*EXERCISE OBJECTIVE:* Filter the lines below, keeping each one that holds "exact".

*ENTRIES SUPPLIED:*
Lemma cvg_AD_coef_uniform (fs : nat -> nat -> C) (f : nat -> C) :
  (forall k, InAD (fs k)) -> InAD f -> cvg_AD fs f ->
  forall rho, 0 < rho < 1 -> forall M, 0 < M ->
  exists N, forall k, (N <= k)%nat -> forall n, Cmod (fs k n - f n)%C * rho ^ n <= M.
Proof.
  intros Hfs Hf Hc rho Hrho M HM.
  destruct (Hc rho ltac:(lra) M HM) as [N HN].
  exists N. intros k Hk. apply Cauchy_estimate; [lra | |].
  - apply InAD_abs_summable; [apply InAD_minus; auto | lra].
  - intros z Hz. rewrite eval_minus by (auto; lra). left. apply HN; [exact Hk | lra].
Qed.

Lemma Fop_continuous (fs : nat -> nat -> C) (f : nat -> C) :
  (forall k, InAD (fs k)) -> InAD f -> cvg_AD fs f ->
  cvg_AD (fun k => Fop (fs k)) (Fop f).
Proof.
  intros Hfs Hf Hc r Hr eps Heps.
  set (rho := (1 + r) / 2).
  assert (Hrho : 0 < rho < 1) by (unfold rho; lra).
  assert (Hr2 : r < rho * rho) by (unfold rho; nra).
  set (q := r / (rho * rho)).
  assert (Hq : q < 1).
  { unfold q. apply (Rmult_lt_reg_r (rho * rho)); [nra|]. unfold Rdiv.
    rewrite Rmult_assoc, Rinv_l; nra. }
  destruct (cvg_AD_coef_uniform fs f Hfs Hf Hc rho Hrho (eps * (1 - q) / 4)) as [N HN].
  { apply Rdiv_lt_0_compat; [apply Rmult_lt_0_compat|]; lra. }
  exists N. intros k Hk z Hz.
  rewrite <- eval_minus by (auto using Fop_InAD; lra).
  eapply Rle_lt_trans.
  - apply (Cmod_eval_Fop_le (fun n => fs k n - f n)%C rho (eps * (1 - q) / 4) r);
      [lra | lra | exact Hz | apply HN, Hk].
  - fold q. replace (2 * (eps * (1 - q) / 4) / (1 - q)) with (eps / 2) by (field; lra). lra.
Qed.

*FINAL ANSWER:*
  - intros z Hz. rewrite eval_minus by (auto; lra). left. apply HN; [exact Hk | lra].
      [lra | lra | exact Hz | apply HN, Hk].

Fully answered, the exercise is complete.